Hockey Mom Gets Grizzly—3 Lessons For Marketers

Despite needing to write crib notes on her hand like a third grader cheating on an exam, Sarah Palin excels at using simple images her audience immediately gets.  By contrast, President Obama has gone from his straightforward “Yes we can” campaign slogan that rallied the country to presenting complex issues in long sentences. This communication style, which worked well at the University of Chicago Law School, looses the American public. While President Obama is a powerful communicator, he, like many marketers, could take a page from Sarah Palin’s playbook.

From a marketing perspective, Sarah Palin does a great job of using images to strengthen her connection with her fans. During the 2008 Presidential campaign, Palin, standing up for family values, focused on her role as a hockey mom, Alaska’s version of the soccer mom. With her five children ready to be paraded on stage as props, Palin played up the  “every mom” role.

Fast forward to today. Palin has upped her game and taken the protective mom image a step further. Drawing on her Alaskan heritage, she introduced the Mama Grizzly, scoring big-time with the media who repeatedly replayed the video, thereby spreading the brand across the nation’s consciousness.

Here are three tactics that Sarah Palin is using to create memorable brand associations and how you can apply them to your marketing message.

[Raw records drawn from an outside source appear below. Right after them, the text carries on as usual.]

(* Let $\mathcal{H}$ be a finite-dimensional Hilbert space, $\{\rho_\theta;\theta\in\Theta\subset\mathbb{R}^d\}$ a smooth family of density operators, and $\theta_0\in\Theta$ with $\rho=\rho_{\theta_0}$ strictly positive. The following conditions are equivalent: (i) $\operatorname{span}_{\mathbb{R}}\{\partial_i\rho\}_{i=1}^d$ is $\mathcal{D}_\rho$ invariant; (ii) $\operatorname{span}_{\mathbb{R}}\{L_i^{(S)}\}_{i=1}^d$ is $\mathcal{D}_\rho$ invariant; (ii)' $\operatorname{span}_{\mathbb{C}}\{L_i^{(S)}\}_{i=1}^d$ is $\mathcal{D}_\rho$ invariant; (iii) $\operatorname{span}_{\mathbb{C}}\{L_i^{(S)}\}_{i=1}^d=\operatorname{span}_{\mathbb{C}}\{L_i^{(\beta)}\}_{i=1}^d$ for every $\beta\in[0,1]$; (iv) $(J^{(\beta)}_{\theta_0})^{-1}=(J^{(S)}_{\theta_0})^{-1}(\operatorname{Re}Z+\beta\sqrt{-1}\operatorname{Im}Z)(J^{(S)}_{\theta_0})^{-1}$ for every $\beta\in[0,1]$, where $Z=[\operatorname{Tr}L_i^{(S)}\rho L_j^{(S)}]_{ij}$.
   Context: $\partial_i\rho=\frac{\partial}{\partial\theta^i}\rho_\theta|_{\theta=\theta_0}$. The commutation operator $\mathcal{D}_\rho$ on $\mathcal{B}(\mathcal{H})$ is defined by $\mathcal{D}_\rho(X)\rho+\rho\mathcal{D}_\rho(X)=\sqrt{-1}(X\rho-\rho X)$; a subspace $W$ is $\mathcal{D}_\rho$ invariant if $\mathcal{D}_\rho(W)\subset W$. For $\beta\in[0,1]$, $L_i^{(\beta)}$ is defined by $\partial_i\rho=\frac{1+\beta}{2}\rho L_i^{(\beta)}+\frac{1-\beta}{2}L_i^{(\beta)}\rho$, with $L_i^{(S)}=L_i^{(0)}$ the SLDs (assumed linearly independent). With $\langle X,Y\rangle^{(\beta)}=\frac12\operatorname{Tr}X^*\{(1+\beta)\rho Y+(1-\beta)Y\rho\}$, $J^{(\beta)}_{\theta_0}=[\langle L_i^{(\beta)},L_j^{(\beta)}\rangle^{(\beta)}]_{ij}$ and $J^{(S)}_{\theta_0}=J^{(0)}_{\theta_0}$. Re, Im entrywise. *)

(* operators on a finite-dimensional complex Hilbert space
   C^n are n x n matrices over C := R[i] (complex numbers over the real
   numbers R : realType, from mathcomp-real-closed's complex.v). *)
From HB Require Import structures.
From mathcomp Require Import all_boot all_order all_algebra.
From mathcomp Require Import complex.
From mathcomp Require Import reals.

Set Implicit Arguments.
Unset Strict Implicit.
Unset Printing Implicit Defensive.

Import Order.TTheory GRing.Theory Num.Theory.
Local Open Scope ring_scope.

Section QDefs.
Variable R : rcfType.
Local Notation C := R[i].

Definition iC : C := 'i.

Definition cR (x : R) : C := (x%:C)%C.

Definition adjmx (m n : nat) (A : 'M[C]_(m, n)) : 'M[C]_(n, m) :=
  (map_mx Num.conj A)^T.

Definition herm_op (n : nat) (A : 'M[C]_n) : Prop := adjmx A = A.

Definition psd (n : nat) (A : 'M[C]_n) : Prop :=
  herm_op A /\ forall v : 'cV[C]_n, 0 <= (adjmx v *m A *m v) 0 0.

Definition strictly_positive (n : nat) (A : 'M[C]_n) : Prop :=
  herm_op A /\ forall v : 'cV[C]_n, v != 0 -> 0 < (adjmx v *m A *m v) 0 0.

Definition density (n : nat) (rho : 'M[C]_n) : Prop := psd rho /\ \tr rho = 1.

Definition Rspan (n d : nat) (A : 'I_d -> 'M[C]_n) (X : 'M[C]_n) : Prop :=
  exists c : 'I_d -> R, X = \sum_(i < d) cR (c i) *: A i.

Definition Cspan (n d : nat) (A : 'I_d -> 'M[C]_n) (X : 'M[C]_n) : Prop :=
  exists c : 'I_d -> C, X = \sum_(i < d) c i *: A i.

Definition R_lin_indep (n d : nat) (A : 'I_d -> 'M[C]_n) : Prop :=
  forall c : 'I_d -> R, \sum_(i < d) cR (c i) *: A i = 0 -> forall i, c i = 0.

(* Y = D_rho(X)  iff  Y rho + rho Y = sqrt(-1) (X rho - rho X)
   (for strictly positive rho this determines Y uniquely) *)
Definition commutation_op_rel (n : nat) (rho X Y : 'M[C]_n) : Prop :=
  Y *m rho + rho *m Y = iC *: (X *m rho - rho *m X).

Definition D_invariant (n : nat) (rho : 'M[C]_n) (W : 'M[C]_n -> Prop) : Prop :=
  forall X Y, W X -> commutation_op_rel rho X Y -> W Y.

Definition beta_LD_eq (n : nat) (beta : R) (rho drho L : 'M[C]_n) : Prop :=
  drho = cR ((1 + beta) / 2) *: (rho *m L) + cR ((1 - beta) / 2) *: (L *m rho).

Definition ip_beta (n : nat) (beta : R) (rho X Y : 'M[C]_n) : C :=
  2^-1 * \tr (adjmx X *m (cR (1 + beta) *: (rho *m Y) + cR (1 - beta) *: (Y *m rho))).

Definition Jbeta (n d : nat) (beta : R) (rho : 'M[C]_n) (L : 'I_d -> 'M[C]_n)
  : 'M[C]_d := \matrix_(i < d, j < d) ip_beta beta rho (L i) (L j).

Definition Zmat (n d : nat) (rho : 'M[C]_n) (L : 'I_d -> 'M[C]_n) : 'M[C]_d :=
  \matrix_(i < d, j < d) \tr (L i *m rho *m L j).

Definition Re_mx (d : nat) (M : 'M[C]_d) : 'M[C]_d := map_mx (fun z => 'Re z) M.
Definition Im_mx (d : nat) (M : 'M[C]_d) : 'M[C]_d := map_mx (fun z => 'Im z) M.

End QDefs.
Arguments iC {R}.

(* Write S_b X = (1+b)/2 rho X + (1-b)/2 X rho ([beta_mul rho b]), so that
   d_i rho = S_b (L_i^(b)).  For positive definite rho and b in [0,1], S_b is injective,
   because tr (X^* S_b X) is a positive combination of tr (X^* rho X) and tr (X rho X^* ),
   and S_b = S_0 (1 + i b D) with D = D_rho ([comm_op rho]).  Since S_0 commutes with D,
   (i) <-> (ii); since the SLDs are Hermitian and D preserves Hermiticity,
   (ii) <-> (ii)'.  If D L_j = sum_k A_kj L_k, then S_b acts on span L^(S) through the
   matrix M_b = 1 + i b A, whence L^(b) = L^(S) M_b^-1, which is (iii), and
   J^(b) = M_b^-* J^(S) with J^(S) M_b = Re Z + i b Im Z Hermitian, which is (iv).
   Conversely, (iii) and (iv) at b = 1 both say span L^(1) = span L^(S): for (iv),
   Z = J^(S) (J^(1))^-1 J^(S) is the equality case of Bessel's inequality for the inner
   product tr (X^* rho Y).  As D L^(1) = -i (L^(S) - L^(1)), that common span is
   D-invariant. *)

From HB Require Import structures.
From mathcomp Require Import all_boot all_order all_algebra.
From mathcomp Require Import complex.
From mathcomp Require Import reals.
From mathcomp Require Import ring.
Import Order.TTheory GRing.Theory Num.Theory.
Local Open Scope ring_scope.
Set Implicit Arguments.
Unset Strict Implicit.
Unset Printing Implicit Defensive.

Section LinearInverse.
Variables (F : fieldType) (m n : nat) (f : {linear 'M[F]_(m, n) -> 'M[F]_(m, n)}).

Definition lininv_mx (Y : 'M[F]_(m, n)) : 'M[F]_(m, n) :=
  vec_mx (mxvec Y *m invmx (lin_mx f)).

Fact lininv_mx_is_linear : linear lininv_mx.
Proof. by move=> a Y Z; rewrite /lininv_mx linearP mulmxDl -scalemxAl linearP. Qed.

HB.instance Definition _ := GRing.isLinear.Build F _ _ _ lininv_mx lininv_mx_is_linear.

Lemma lininv_mxK : injective f -> cancel lininv_mx f.
Proof.
move=> f_inj Y.
have f_unit : lin_mx f \in unitmx.
  rewrite -row_free_unit; apply: inj_row_free => v.
  rewrite -[v]vec_mxK mul_vec_lin => /(congr1 vec_mx); rewrite mxvecK linear0 -(linear0 f).
  by move/f_inj ->; rewrite linear0.
by rewrite -[f _]mxvecK -mul_vec_lin vec_mxK mulmxKV // mxvecK.
Qed.

End LinearInverse.

Lemma unitmx_of_ker (F : fieldType) d (M : 'M[F]_d) :
  (forall x : 'cV_d, M *m x = 0 -> x = 0) -> M \in unitmx.
Proof.
move=> M_inj; rewrite -unitmx_tr -row_free_unit; apply: inj_row_free => v vM0.
apply: trmx_inj; rewrite trmx0; apply: M_inj.
by rewrite -[M]trmxK -trmx_mul vM0 trmx0.
Qed.

Section Adjoint.
Variable R : rcfType.
Local Notation C := R[i].

Lemma cR_conj (x : R) : (cR x)^* = cR x.
Proof. exact: conjc_real. Qed.

Lemma conj_iC : (iC : C)^* = - iC.
Proof. exact: conjCi. Qed.

Fact adjmx_is_nmod_morphism m n : nmod_morphism (@adjmx R m n).
Proof. by rewrite /adjmx; split=> [|A B]; rewrite ?raddf0 ?linear0 // raddfD linearD. Qed.

HB.instance Definition _ m n := GRing.isNmodMorphism.Build 'M[C]_(m, n) 'M[C]_(n, m)
  (@adjmx R m n) (adjmx_is_nmod_morphism m n).

Lemma adjmxK m n (A : 'M[C]_(m, n)) : adjmx (adjmx A) = A.
Proof. by apply/matrixP=> i j; rewrite !mxE conjCK. Qed.

Lemma adjmxM m n p (A : 'M[C]_(m, n)) (B : 'M[C]_(n, p)) :
  adjmx (A *m B) = adjmx B *m adjmx A.
Proof. by rewrite /adjmx map_mxM trmx_mul. Qed.

Lemma adjmxZ m n (c : C) (A : 'M[C]_(m, n)) : adjmx (c *: A) = c^* *: adjmx A.
Proof. by apply/matrixP=> i j; rewrite !mxE rmorphM. Qed.

Lemma adjmx1 m : adjmx (1%:M : 'M[C]_m) = 1%:M.
Proof. by rewrite /adjmx map_mx1 trmx1. Qed.

Lemma mxtrace_adj m (A : 'M[C]_m) : \tr (adjmx A) = (\tr A)^*.
Proof. by rewrite /adjmx mxtrace_tr /mxtrace rmorph_sum; apply: eq_bigr => i _; rewrite mxE. Qed.

Lemma invmx_adjmx_inv_mul m (J M : 'M[C]_m) : J \in unitmx -> M \in unitmx ->
  J *m M = adjmx M *m J -> invmx (adjmx (invmx M) *m J) = invmx J *m (J *m M) *m invmx J.
Proof.
move=> J_unit M_unit JM; rewrite mulKmx //.
have inv_r : adjmx (invmx M) *m J *m (M *m invmx J) = 1%:M.
  rewrite -mulmxA (mulmxA J) JM !mulmxA -adjmxM mulmxV // adjmx1 mul1mx mulmxV //.
have [AJ_unit _] := mulmx1_unit inv_r.
by rewrite -[LHS]mulmx1 -inv_r mulKmx.
Qed.

End Adjoint.

Section PositiveDefinite.
Variable R : rcfType.
Local Notation C := R[i].
Variables (n : nat) (rho : 'M[C]_n).
Hypothesis rho_pos : forall v : 'cV[C]_n, v != 0 -> 0 < (adjmx v *m rho *m v) 0 0.

Lemma quad_form_ge0 (v : 'cV[C]_n) : 0 <= (adjmx v *m rho *m v) 0 0.
Proof.
have [->|v_neq0] := eqVneq v 0; last exact: ltW (rho_pos v_neq0).
by rewrite mulmx0 mxE.
Qed.

Lemma quad_form_diag (X : 'M[C]_n) k :
  (adjmx X *m rho *m X) k k = (adjmx (col k X) *m rho *m col k X) 0 0.
Proof.
rewrite !mxE; apply: eq_bigr => l _; rewrite !mxE; congr (_ * _).
by apply: eq_bigr => m _; rewrite !mxE.
Qed.

Lemma trace_form_ge0 (X : 'M[C]_n) : 0 <= \tr (adjmx X *m rho *m X).
Proof. by apply: sumr_ge0 => k _; rewrite quad_form_diag quad_form_ge0. Qed.

Lemma trace_form_eq0 (X : 'M[C]_n) : \tr (adjmx X *m rho *m X) = 0 -> X = 0.
Proof.
move/eqP; rewrite psumr_eq0 => [/allP X_eq0|k _]; last first.
  by rewrite quad_form_diag quad_form_ge0.
apply/matrixP => i k; rewrite mxE.
have /eqP := X_eq0 k (mem_index_enum _); rewrite quad_form_diag => colX_eq0.
have /matrixP/(_ i 0) : col k X = 0.
  by apply: contra_eq colX_eq0 => /rho_pos /gt_eqF /negbT.
by rewrite !mxE.
Qed.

  1. Uses vivid images. Palin compares a grizzly bear to a pitbull. The dog is known for being fierce and mean while the grizzly is fierce and protective of her young. The grizzly’s also a larger-than-life animal that’s native to Alaska and much of the American West. As a marketer, how can you simplify your message to connect with your target market? What images can you use that resonate with your audience? This talks to how your message breaks through the clutter. What can you use that will get your audience’s attention? How can you use the unexpected to attract attention and hold it?
  2. Plays on well-known roles. Palin appeals to women, particularly mothers, with the “Mama Grizzly” imagery. This reference’s association with the children’s story of Goldilocks and the Three Bears is a bonus. How is your brand and/or product associated with roles that consumers can identify with positively? A good place to look for these associations are in your company or brand’s history.
  3. Keeps it simple. Palin’s image is straightforward, visual and easy-to-remember. This helps spread the word. Think short and sweet. You want your audience to remember and share your message.

One Palin trait that President Obama and marketers shouldn’t follow is the disconnect between the image she projects and reality. Despite her do-it-all mom image in the 2008 campaign, Palin was on the campaign trail away from home where her special needs baby needed extra care and pregnant teenage daughter could have benefited from having her mother around. This is a far cry from most mothers’ view of how to take care of their children. As a marketer, make sure that your message and image are in sync with your actions or your market won’t trust you.

Palin is recreating her image to avoid the sticky issue of being a quitter, having resigned as Alaska’s governor to focus on earning big bucks with books and speaking engagements. In a wired, socially connected world, Palin’s actions are transparent. She is neither genuine nor sincere.

While for some, Sarah Palin will never be more than the woman who gave up political office for personal gain, she does provide useful marketing lessons that are worth learning for your marketing communications. This applies to President Obama, too.

Happy marketing,
Heidi Cohen

Note: The grizzly bear appears on the California State flag.